Activation Steering
Manipulating model behavior by adding learned steering vectors to intermediate activations, bypassing safety training through direct representation engineering.
Activation Steering
Activation steering (also called representation engineering) directly manipulates 模型's internal representations to control its behavior. Unlike prompt-based attacks that work through 模型's 輸入 channel, activation steering operates on 模型's hidden states -- the intermediate computations between layers. This bypasses any 輸入-level 安全 filters and modifies behavior at a level that is invisible to prompt-based 監控.
Theoretical Foundation
Representations as Directions
The linear representation hypothesis states that high-level concepts are encoded as directions in 模型's activation space. A model's representation of "honesty," "安全 compliance," or "helpfulness" corresponds to specific directions in the high-dimensional activation space.
import torch
import numpy as np
from transformers import AutoModelForCausalLM, AutoTokenizer
class SteeringVectorExtractor:
"""Extract steering vectors from contrastive prompt pairs."""
def __init__(self, model_name):
self.model = AutoModelForCausalLM.from_pretrained(
model_name, output_hidden_states=True
)
self.分詞器 = AutoTokenizer.from_pretrained(model_name)
self.model.eval()
def get_activations(self, text, layer):
"""Extract activations at a specific layer for 輸入 text."""
inputs = self.分詞器(text, return_tensors="pt")
with torch.no_grad():
outputs = self.model(**inputs)
# Hidden states: tuple of (num_layers + 1) tensors
# Each tensor shape: (batch, seq_len, hidden_dim)
hidden_states = outputs.hidden_states[layer]
# Use mean activation across all positions
return hidden_states.mean(dim=1).squeeze()
def compute_steering_vector(self, positive_prompts,
negative_prompts, layer):
"""
Compute a steering vector from contrastive pairs.

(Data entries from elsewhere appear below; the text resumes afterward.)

(* IQC(M, rho), with M = [Q S^T; S R]. *)
Definition IQC (R : realType) (d n : nat) (Q : 'M[R]_d) (S : 'M[R]_(n, d))
    (Rm : 'M[R]_n) (rho : R)
    (x : nat -> 'cV[R]_d) (u : nat -> 'cV[R]_n) : Prop :=
  forall N : nat,
    0 <= \sum_(0 <= k < N.+1) rho ^- (2 * k) *
          (((x k)^T *m Q *m x k) 0 0 + 2 * ((u k)^T *m S *m x k) 0 0
           + ((u k)^T *m Rm *m u k) 0 0).

Definition rho_minimally_stable (R : realType) (d n : nat) (A : 'M[R]_d)
    (B : 'M[R]_(d, n)) (Q : 'M[R]_d) (S : 'M[R]_(n, d)) (Rm : 'M[R]_n)
    (rho : R) : Prop :=
  forall x0 : 'cV[R]_d, exists (x : nat -> 'cV[R]_d) (u : nat -> 'cV[R]_n),
    [/\ behavior A B x u, IQC Q S Rm rho x u, x 0%N = x0 &
        (fun k => rho ^- k *: x k) @ \oo --> (0 : 'cV[R]_d)].

(* Close the loop with the state feedback u = K x, K = (I + eps R) N + eps S,
   so that x(k) = (A + B K)^k x0.  With w = R N x + S x we have u = N x + eps w,
   and the IQC summand splits as
     x^T (Q + S^T N + N^T S + N^T R N) x + eps (2 |w|^2 + eps w^T R w),
   where |w^T R w| <= ||R|| |w|^2 <= (2 / eps) |w|^2: every summand is
   nonnegative.  For the decay, rho^-k (A + B K)^k = G^k where the complex
   spectrum of G lies in the open unit disk.  By Cayley-Hamilton the product of
   the G - z over the eigenvalues z vanishes; peeling off one factor at a time
   reduces everything to the scalar recursion s(k+1) = z s(k) + h(k) with
   |z| < 1 and h -> 0, which forces s -> 0. *)
From HB Require Import structures.
From mathcomp Require Import all_boot all_order all_algebra.
From mathcomp Require Import all_classical all_reals all_analysis.
From mathcomp Require Import complex lra.
Set Implicit Arguments. Unset Strict Implicit. Unset Printing Implicit Defensive.
Import Order.TTheory GRing.Theory Num.Theory.
Import numFieldNormedType.Exports.
Local Open Scope ring_scope.
Local Open Scope classical_set_scope.

Section PerturbedContraction.
Variable R : realType.

Lemma contraction_geometric_le (b : nat -> R) (r : R) : 0 <= r ->
  (forall k, b k.+1 <= r * b k) -> forall k, b k <= r ^+ k * b 0.
Proof.
move=> r0 hb; elim=> [|k IH]; first by rewrite expr0 mul1r.
by rewrite exprS -mulrA (le_trans (hb k)) // ler_wpM2l.
Qed.

Lemma cvg0_perturbed_contraction (a g : nat -> R) (r : R) : 0 <= r -> r < 1 ->
  (forall k, 0 <= a k) -> (forall k, a k.+1 <= r * a k + g k) ->
  g @ \oo --> 0 -> a @ \oo --> 0.
Proof.
move=> r0 r1 a_ge0 ha g0; apply/cvgr0Pnorm_lt => e e0.
have e2_gt0 : 0 < e / 2 by rewrite divr_gt0.
have eps_gt0 : 0 < e / 2 * (1 - r) by rewrite mulr_gt0 ?subr_gt0.
have [K _ gK] := cvgr0_norm_lt _ g0 _ eps_gt0.
(* Beyond K, the excess of a over e/2 contracts geometrically. *)
pose b j := a (j + K)%N - e / 2.
have b_contr j : b j.+1 <= r * b j.
  have /ltW := gK (j + K)%N (leq_addl _ _); have := ler_norm (g (j + K)%N).
  by have := ha (j + K)%N; rewrite /b addSn; nra.
have b_small : \forall j \near \oo, b j < e / 2.
  have /cvgr0_norm_lt : (fun j => r ^+ j * b 0%N) @ \oo --> 0.
    by rewrite -(mul0r (b 0%N)); apply: cvgMr_tmp; apply: cvg_expr; rewrite ger0_norm.
  move=> /(_ _ e2_gt0); apply: filterS => j.
  by apply: le_lt_trans; apply: le_trans (contraction_geometric_le r0 b_contr j) (ler_norm _).
near=> k.
have: b (k - K)%N < e / 2 by near: k; exact: cvg_subnr b_small.
have kK : (K <= k)%N by near: k; exists K.
by rewrite /b subnK // ger0_norm //; lra.
Unshelve. all: by end_near.
Qed.

End PerturbedContraction.

Local Open Scope complex_scope.
Import Normc.

Section ComplexOrbits.
Variable R : realType.

Lemma normr_normc (z : R[i]) : `|z| = (normc z)%:C.
Proof. by case: z. Qed.

Lemma normc_ge0 (z : R[i]) : 0 <= normc z.
Proof. by case: z => a b; exact: sqrtr_ge0. Qed.

Lemma normc_real (r : R) : normc r%:C = `|r|.
Proof. by rewrite /normc /= expr0n addr0 sqrtr_sqr. Qed.

Definition orbit_vanishes n (G : 'M[R[i]]_n) (w : 'cV[R[i]]_n) : Prop :=
  forall i, (fun k => normc ((G ^+ k *m w) i 0)) @ \oo --> 0.

Lemma orbit_vanishes_factor n (G : 'M[R[i]]_n) (z : R[i]) w : normc z < 1 ->
  orbit_vanishes G ((G - z%:M) *m w) -> orbit_vanishes G w.
Proof.
move=> z1 Gzw i; apply: (cvg0_perturbed_contraction (normc_ge0 z) z1 _ _ (Gzw i)).
  by move=> k; exact: normc_ge0.
move=> k; have -> : G ^+ k.+1 *m w = z *: (G ^+ k *m w) + G ^+ k *m ((G - z%:M) *m w).
  rewrite mulmxBl mul_scalar_mx mulmxBr -scalemxAr mulmxA mulmxE -exprSr.
  by rewrite addrC subrK.
by rewrite !mxE -normcM le_normcD.
Qed.

Lemma orbit_vanishes_prod n (G : 'M[R[i]]_n) (zs : seq R[i]) w :
  all (fun z => normc z < 1) zs ->
  orbit_vanishes G ((\prod_(z <- zs) (G - z%:M)) *m w) -> orbit_vanishes G w.
Proof.
elim: zs w => [|z zs IH] w /=; first by rewrite big_nil mul1mx.
move=> /andP[z1 zs1]; rewrite big_cons -mulmxE -mulmxA => Gw.
by apply: IH => //; apply: orbit_vanishes_factor z1 Gw.
Qed.

(* Stated for 'M_n.+1 because horner_mx, hence Cayley-Hamilton, needs it. *)
Lemma orbit_vanishes_spectrum n (G : 'M[R[i]]_n.+1) :
  (forall z, eigenvalue G z -> normc z < 1) -> forall w, orbit_vanishes G w.
Proof.
move=> spec w; have [zs charGE] := closed_field_poly_normal (char_poly G).
rewrite (monicP (char_poly_monic _)) scale1r in charGE.
have zs1 : all (fun z => normc z < 1) zs.
  by apply/allP => z zs_z; apply/spec; rewrite eigenvalue_root_char charGE root_prod_XsubC.
apply: orbit_vanishes_prod zs1 _ => i.
have -> : \prod_(z <- zs) (G - z%:M) = 0.
  rewrite -(Cayley_Hamilton G) charGE rmorph_prod; apply: eq_bigr => z _.
  by rewrite rmorphB /= horner_mx_X horner_mx_C.
under eq_fun do rewrite mul0mx mulmx0 mxE normc0.
exact: cvg_cst.
Qed.

End ComplexOrbits.

Section SchurOrbits.
Variable R : realType.
Local Notation toC := (real_complex R).

Lemma cvg_mx0_entrywise m n (f : nat -> 'M[R]_(m, n)) :
  (forall i j, (fun k => f k i j) @ \oo --> (0 : R)) -> f @ \oo --> (0 : 'M[R]_(m, n)).
Proof.
move=> f0; apply/cvgr0Pnorm_lt => e e0.
have : \forall k \near \oo, forall ij : 'I_m * 'I_n, `|f k ij.1 ij.2| < e.
  by apply: filter_forall => -[i j]; exact: cvgr0_norm_lt (f0 i j) e e0.
apply: filterS => k fk; rewrite -[`|_|]/(mx_norm _) mx_normrE.
by apply: bigmax_lt => // ij _; exact: fk.
Qed.
(* Let $r\geq 1$ and $d>r$ be integers and let $A_1,\dots,A_r$ be fixed positive integers. For each $i$ let $H^{(i)}$ be any one of the sequences (indexed by positive integers $n$) $A_i^{n}n!$, $A_i^{n}n!!$, $A_i^{n}[1,\dots,n]$, $A_i^{n}\,n\#$, or $A_i^{p_n}\,p_n\#$ (the choice may depend on $i$). Then the equation $$x^d=\prod_{i=1}^r H^{(i)}_{n_i}$$ has only finitely many solutions $(x,n_1,\dots,n_r)$ with $x\in\mathbb{Z}$ and $n_1,\dots,n_r$ positive integers.
   Context: $[1,\dots,n]$ is the least common multiple of $1,\dots,n$; $n!!$ is the double factorial; $n\#$ is the product of all primes $\leq n$; $p_n$ is the $n$-th prime and $p_n\#$ is the product of the first $n$ primes. *)

From mathcomp Require Import all_boot all_order all_algebra.
Set Implicit Arguments. Unset Strict Implicit. Unset Printing Implicit Defensive.

Fixpoint dfact (n : nat) : nat :=
  match n with
  | 0 => 1
  | 1 => 1
  | (m.+2) as k => k * dfact m
  end.

Definition lcm_upto (n : nat) : nat := \big[lcmn/1]_(1 <= i < n.+1) i.

Definition primorial (n : nat) : nat := \prod_(p < n.+1 | prime p) p.

(* smallest prime strictly greater than m (one exists in (m, m`! + 1]) *)
Definition next_prime (m : nat) : nat :=
  let s := [seq k <- iota m.+1 (m`!) | prime k] in head 0 s.

(* p_n, the n-th prime, 1-indexed: p_1 = 2, p_2 = 3, ... (p_0 := 1 unused) *)
Fixpoint nth_prime (n : nat) : nat :=
  match n with
  | 0 => 1
  | m.+1 => next_prime (nth_prime m)
  end.

Inductive seq_kind := KFact | KDFact | KLcm | KPrimorial | KPrimePrimorial.

Definition H (k : seq_kind) (A n : nat) : nat :=
  match k with
  | KFact => A ^ n * n`!
  | KDFact => A ^ n * dfact n
  | KLcm => A ^ n * lcm_upto n
  | KPrimorial => A ^ n * primorial n
  | KPrimePrimorial => A ^ (nth_prime n) * primorial (nth_prime n)
  end.

From mathcomp Require Import all_boot all_order all_algebra.
From mathcomp Require Import zify.
Set Implicit Arguments. Unset Strict Implicit. Unset Printing Implicit Defensive.
Definition cos_dir (j a b : nat) : F := ((dir j a)^-1 * dir j b + dir j a / dir j b) / 2.

Definition isin_dir (j a b : nat) : F := ((dir j a)^-1 * dir j b - dir j a / dir j b) / 2.

Definition dir_lift (k j : nat) : F * F :=
  if (k < j)%N then (q k j, q k j / u k j) else (- (q j k * u j k), q j k).

Lemma lift_det_dir : (2 : F) != 0 ->
  u 0 1 != 0 -> u 0 2 != 0 -> u 0 3 != 0 -> u 1 2 != 0 -> u 1 3 != 0 -> u 2 3 != 0 ->
  lift_det dir_lift =
  (q 0 1 * q 0 2 * q 0 3 * q 1 2 * q 1 3 * q 2 3) ^+ 2 *
  (cos_part (fun j => cos_dir j (j + 1) (j + 2)) (fun j => cos_dir j (j + 2) (j + 3))
            (fun j => cos_dir j (j + 1) (j + 3))
   - sin_part (fun j => isin_dir j (j + 1) (j + 2)) (fun j => isin_dir j (j + 2) (j + 3))
              (fun j => isin_dir j (j + 1) (j + 3))).
Proof.
move=> h2 h01 h02 h03 h12 h13 h23.
rewrite /lift_det (@det_mx_fun_expand _ 3 (fun i k => nth 0 (lift_column dir_lift k) i)).
rewrite !(det_mx_fun_expand, big_ord_recl, big_ord0, det_mx00).
rewrite /cos_part /sin_part !big_ord_recl !big_ord0.
rewrite /minor_fun /lift_column /linear3_coefs /dir_lift /cos_dir /isin_dir /dir.
rewrite /bump /addn /modn /=.
by field; rewrite !oppr_eq0 h2 h01 h02 h03 h12 h13 h23.
Qed.

End LiftDeterminant.

Section PlaneGeometry.
Variable R : realType.
Implicit Types (a b : R[i]) (x y : R).

Local Notation Re := complex.Re.
Local Notation Im := complex.Im.

Definition dotc a b : R := Re a * Re b + Im a * Im b.

Definition unitc a : R[i] := a / (cabs a)%:C.

Lemma realcM x y : (x * y)%:C = x%:C * y%:C :> R[i].
Proof. exact: rmorphM. Qed.

Lemma realcD x y : (x + y)%:C = x%:C + y%:C :> R[i].
Proof. exact: rmorphD. Qed.

Lemma cabsC a : (cabs a)%:C = `|a|.
Proof. by rewrite normc_def. Qed.

Lemma cabs_ge0 a : 0 <= cabs a.
Proof. exact: sqrtr_ge0. Qed.

Lemma cabs_gt0 a : (0 < cabs a) = (a != 0).
Proof. by rewrite -ltcR cabsC normr_gt0. Qed.

Lemma cabsN a : cabs (- a) = cabs a.
Proof. by apply: complexI; rewrite !cabsC normrN. Qed.

Lemma cabs_sqr a : cabs a ^+ 2 = Re a ^+ 2 + Im a ^+ 2.
Proof. by rewrite /cabs sqr_sqrtr // addr_ge0 // sqr_ge0. Qed.

Lemma unitcN a : unitc (- a) = - unitc a.
Proof. by rewrite /unitc cabsN mulNr. Qed.

Lemma dotc_cross_sqr a b : dotc a b ^+ 2 + cross a b ^+ 2 = (cabs a * cabs b) ^+ 2.
Proof. by rewrite exprMn !cabs_sqr /dotc /cross; ring. Qed.

Lemma cross_pos_neq0 (s : R) a b : 0 < s * cross a b -> a != 0 /\ b != 0.
Proof.
by move=> pos; split; apply: contraTneq pos => ->; rewrite /cross /= ?(mul0r, mulr0, subr0, ltxx).
Qed.

Lemma angleC (X Y Z : R[i]) : angle X Y Z = angle Z Y X.
Proof.
by rewrite /angle [Re (X - Y) * _]mulrC [Im (X - Y) * _]mulrC [cabs (X - Y) * _]mulrC.
Qed.

Lemma unitc_inv a : a != 0 -> (unitc a)^-1 = (unitc a)^*.
Proof.
move=> a0; rewrite invc_norm /unitc normf_div -cabsC ger0_norm ?ler0c ?cabs_ge0 //.
by rewrite divff ?expr1n ?invr1 ?mul1r // cabsC normr_eq0.
Qed.

Lemma unitc_ratio a b :
  (unitc a)^* * unitc b =
  (dotc a b / (cabs a * cabs b)) +i* (cross a b / (cabs a * cabs b)).
Proof.
rewrite /unitc -!fmorphV invfM /dotc /cross.
move: (cabs a)^-1 (cabs b)^-1 => ra rb.
by case: a => a1 a2; case: b => b1 b2 /=; congr (_ +i* _); ring.
Qed.

Lemma unitc_ratio_sqr a b : a != 0 -> b != 0 ->
  (dotc a b / (cabs a * cabs b)) ^+ 2 + (cross a b / (cabs a * cabs b)) ^+ 2 = 1.
Proof.
rewrite -!cabs_gt0 => a0 b0.
have ab0 : (cabs a * cabs b) ^+ 2 != 0 by rewrite expf_neq0 // mulf_neq0 // gt_eqF.
by rewrite !expr_div_n -mulrDl dotc_cross_sqr divff.
Qed.

Lemma unitc_div a b : b != 0 -> unitc a / unitc b = ((unitc a)^* * unitc b)^*.
Proof.
move=> b0; rewrite unitc_inv //.
by case: (unitc a) => ? ?; case: (unitc b) => ? ? /=; congr (_ +i* _); ring.
Qed.

Lemma cos_angle (X Y Z : R[i]) : X != Y -> Z != Y ->
  (cos (angle X Y Z))%:C =
  ((unitc (X - Y))^-1 * unitc (Z - Y) + unitc (X - Y) / unitc (Z - Y)) / 2.
Proof.
rewrite -(subr_eq0 X) -(subr_eq0 Z) => a0 b0.
have := unitc_ratio_sqr a0 b0.
rewrite (unitc_inv a0) (unitc_div _ b0) -ReJ_add unitc_ratio.
set c := dotc _ _ / _; set t := cross _ _ / _ => ct1.
rewrite /angle -/(dotc _ _) -/c acosK //.
by rewrite in_itv /=; apply/andP; split; nra.
Qed.

Lemma sin_angle (X Y Z : R[i]) (s : R) : s = 1 \/ s = -1 ->
  0 < s * cross (X - Y) (Z - Y) ->
  (sin (angle X Y Z))%:C =
  - (s%:C * 'i) * (((unitc (X - Y))^-1 * unitc (Z - Y) - unitc (X - Y) / unitc (Z - Y)) / 2).
Proof.
move=> s1 pos.
have [a0 b0] := cross_pos_neq0 pos.
have := unitc_ratio_sqr a0 b0.
rewrite (unitc_inv a0) (unitc_div _ b0) subcJ unitc_ratio.
set c := dotc _ _ / _; set t := cross _ _ / _ => ct1.
have st : 0 < s * t by rewrite /t mulrA divr_gt0 // mulr_gt0 ?cabs_gt0.
rewrite /angle -/(dotc _ _) -/c sin_acos; last by apply/andP; split; nra.
have -> : 1 - c ^+ 2 = (s * t) ^+ 2 by case: s1 => ->; lra.
rewrite sqrtr_sqr gtr0_norm // rmorphM /=.
rewrite [2 * _ * _ / 2]mulrAC [2 * _ / 2]mulrAC divff ?pnatr_eq0 // mul1r.
by rewrite mulNr mulrACA -expr2 sqr_i mulrN1 opprK.
Qed.

Lemma unitc_eq0 a : (unitc a == 0) = (a == 0).
Proof. by rewrite /unitc mulf_eq0 invr_eq0 cabsC normr_eq0 orbb. Qed.

Lemma cross_shift a b c : cross (c - b) (a - b) = cross (b - a) (c - a).
Proof. by case: a b c => [a1 a2] [b1 b2] [c1 c2]; rewrite /cross /=; ring. Qed.

End PlaneGeometry.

positive_prompts: prompts exhibiting the desired behavior
negative_prompts: prompts exhibiting the opposite behavior
"""
positive_acts = []
negative_acts = []
for prompt in positive_prompts:
act = self.get_activations(prompt, layer)
positive_acts.append(act)
for prompt in negative_prompts:
act = self.get_activations(prompt, layer)
negative_acts.append(act)
# Steering vector = mean(positive) - mean(negative)
pos_mean = torch.stack(positive_acts).mean(dim=0)
neg_mean = torch.stack(negative_acts).mean(dim=0)
steering_vector = pos_mean - neg_mean
# Normalize to unit length
steering_vector = steering_vector / steering_vector.norm()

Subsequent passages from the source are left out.